**Your objective**
Write the entries out in full, matching them exactly.

═════ Dataset content

Lemma mulgV a : mul a (inv a) = e.
Proof. destruct group as (_ & _ & _ & _ & V); apply V. Qed.

Lemma mulg_cancel_l g h k : mul g h = mul g k -> h = k.
Proof. intros E. now rewrite <- (mul1g h), <- (mul1g k), <- (mulVg g), <- !mulgA, E. Qed.

Lemma mulg_cancel_r g h k : mul h g = mul k g -> h = k.
Proof. intros E. now rewrite <- (mulg1 h), <- (mulg1 k), <- (mulgV g), !mulgA, E. Qed.

Lemma mul_involution_neq a b : a <> e -> b <> e -> a <> b -> mul b b = e ->
  mul a b <> e /\ mul a b <> a /\ mul a b <> b.
Proof.
  intros ae be ab bb; repeat split; intros E.
  - apply ab. now rewrite <- (mulg1 a), <- bb, mulgA, E, mul1g.
  - apply be, (mulg_cancel_l a). now rewrite E, mulg1.
  - apply ae, (mulg_cancel_r b). now rewrite E, mul1g.
Qed.

Lemma klein_four_mul a b c : klein_four mul e a b c -> mul a b = c /\ mul b a = c.
Proof.
  intros (nodup & closed & square).
  assert (Ka : a = e \/ a = a \/ a = b \/ a = c) by auto.
  assert (Kb : b = e \/ b = a \/ b = b \/ b = c) by auto.
  apply NoDup_cons_iff in nodup as [ne nodup]; apply NoDup_cons_iff in nodup as [na nodup];
    apply NoDup_cons_iff in nodup as [nb _]; simpl in ne, na, nb.
  destruct (mul_involution_neq a b) as (abe & aba & abb); try (intro; subst; tauto);
    [apply square; auto|].
  destruct (mul_involution_neq b a) as (bae & bab & baa); try (intro; subst; tauto);
    [apply square; auto|].
  split; [destruct (closed a b Ka Kb) | destruct (closed b a Kb Ka)]; tauto.
Qed.

Lemma commute_of_relations a b c d :
  mul a b = mul b a -> mul b d = mul d b -> mul c d = mul d c ->
  mul (mul a c) (mul d b) = mul (mul a b) (mul c d) ->
  mul (mul a c) (mul d b) = mul (mul d b) (mul a c) ->
  mul a d = mul d a.
Proof.
  intros ab bd cd acdb_abcd acdb_dbac.
  assert (bc : mul b c = mul c b).
  { apply (mulg_cancel_r d), (mulg_cancel_l a).
    rewrite <- (mulgA b c d), (mulgA a b), <- acdb_abcd, <- bd.
    now rewrite <- !mulgA. }
  apply (mulg_cancel_r (mul c b)).
  transitivity (mul (mul a c) (mul d b)).
  - now rewrite <- !mulgA, (mulgA d c), <- cd, !mulgA.
  - rewrite acdb_dbac, <- !mulgA, (mulgA b a), <- ab, <- bc. now rewrite !mulgA.
Qed.

Definition centralizer (S : G -> Prop) (g : G) : Prop :=
  forall h, S h -> mul g h = mul h g.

══════════

**Solved problem**
Lemma mulgV a : mul a (inv a) = e.
Proof. destruct group as (_ & _ & _ & _ & V); apply V. Qed.

Lemma mulg_cancel_l g h k : mul g h = mul g k -> h = k.
Proof. intros E. now rewrite <- (mul1g h), <- (mul1g k), <- (mulVg g), <- !mulgA, E. Qed.

Lemma mulg_cancel_r g h k : mul h g = mul k g -> h = k.
Proof. intros E. now rewrite <- (mulg1 h), <- (mulg1 k), <- (mulgV g), !mulgA, E. Qed.

Lemma mul_involution_neq a b : a <> e -> b <> e -> a <> b -> mul b b = e ->
  mul a b <> e /\ mul a b <> a /\ mul a b <> b.
Proof.
  intros ae be ab bb; repeat split; intros E.
  - apply ab. now rewrite <- (mulg1 a), <- bb, mulgA, E, mul1g.
  - apply be, (mulg_cancel_l a). now rewrite E, mulg1.
  - apply ae, (mulg_cancel_r b). now rewrite E, mul1g.
Qed.

Lemma klein_four_mul a b c : klein_four mul e a b c -> mul a b = c /\ mul b a = c.
Proof.
  intros (nodup & closed & square).
  assert (Ka : a = e \/ a = a \/ a = b \/ a = c) by auto.
  assert (Kb : b = e \/ b = a \/ b = b \/ b = c) by auto.
  apply NoDup_cons_iff in nodup as [ne nodup]; apply NoDup_cons_iff in nodup as [na nodup];
    apply NoDup_cons_iff in nodup as [nb _]; simpl in ne, na, nb.
  destruct (mul_involution_neq a b) as (abe & aba & abb); try (intro; subst; tauto);
    [apply square; auto|].
  destruct (mul_involution_neq b a) as (bae & bab & baa); try (intro; subst; tauto);
    [apply square; auto|].
  split; [destruct (closed a b Ka Kb) | destruct (closed b a Kb Ka)]; tauto.
Qed.

Lemma commute_of_relations a b c d :
  mul a b = mul b a -> mul b d = mul d b -> mul c d = mul d c ->
  mul (mul a c) (mul d b) = mul (mul a b) (mul c d) ->
  mul (mul a c) (mul d b) = mul (mul d b) (mul a c) ->
  mul a d = mul d a.
Proof.
  intros ab bd cd acdb_abcd acdb_dbac.
  assert (bc : mul b c = mul c b).
  { apply (mulg_cancel_r d), (mulg_cancel_l a).
    rewrite <- (mulgA b c d), (mulgA a b), <- acdb_abcd, <- bd.
    now rewrite <- !mulgA. }
  apply (mulg_cancel_r (mul c b)).
  transitivity (mul (mul a c) (mul d b)).
  - now rewrite <- !mulgA, (mulgA d c), <- cd, !mulgA.
  - rewrite acdb_dbac, <- !mulgA, (mulgA b a), <- ab, <- bc. now rewrite !mulgA.
Qed.

Definition centralizer (S : G -> Prop) (g : G) : Prop :=
  forall h, S h -> mul g h = mul h g.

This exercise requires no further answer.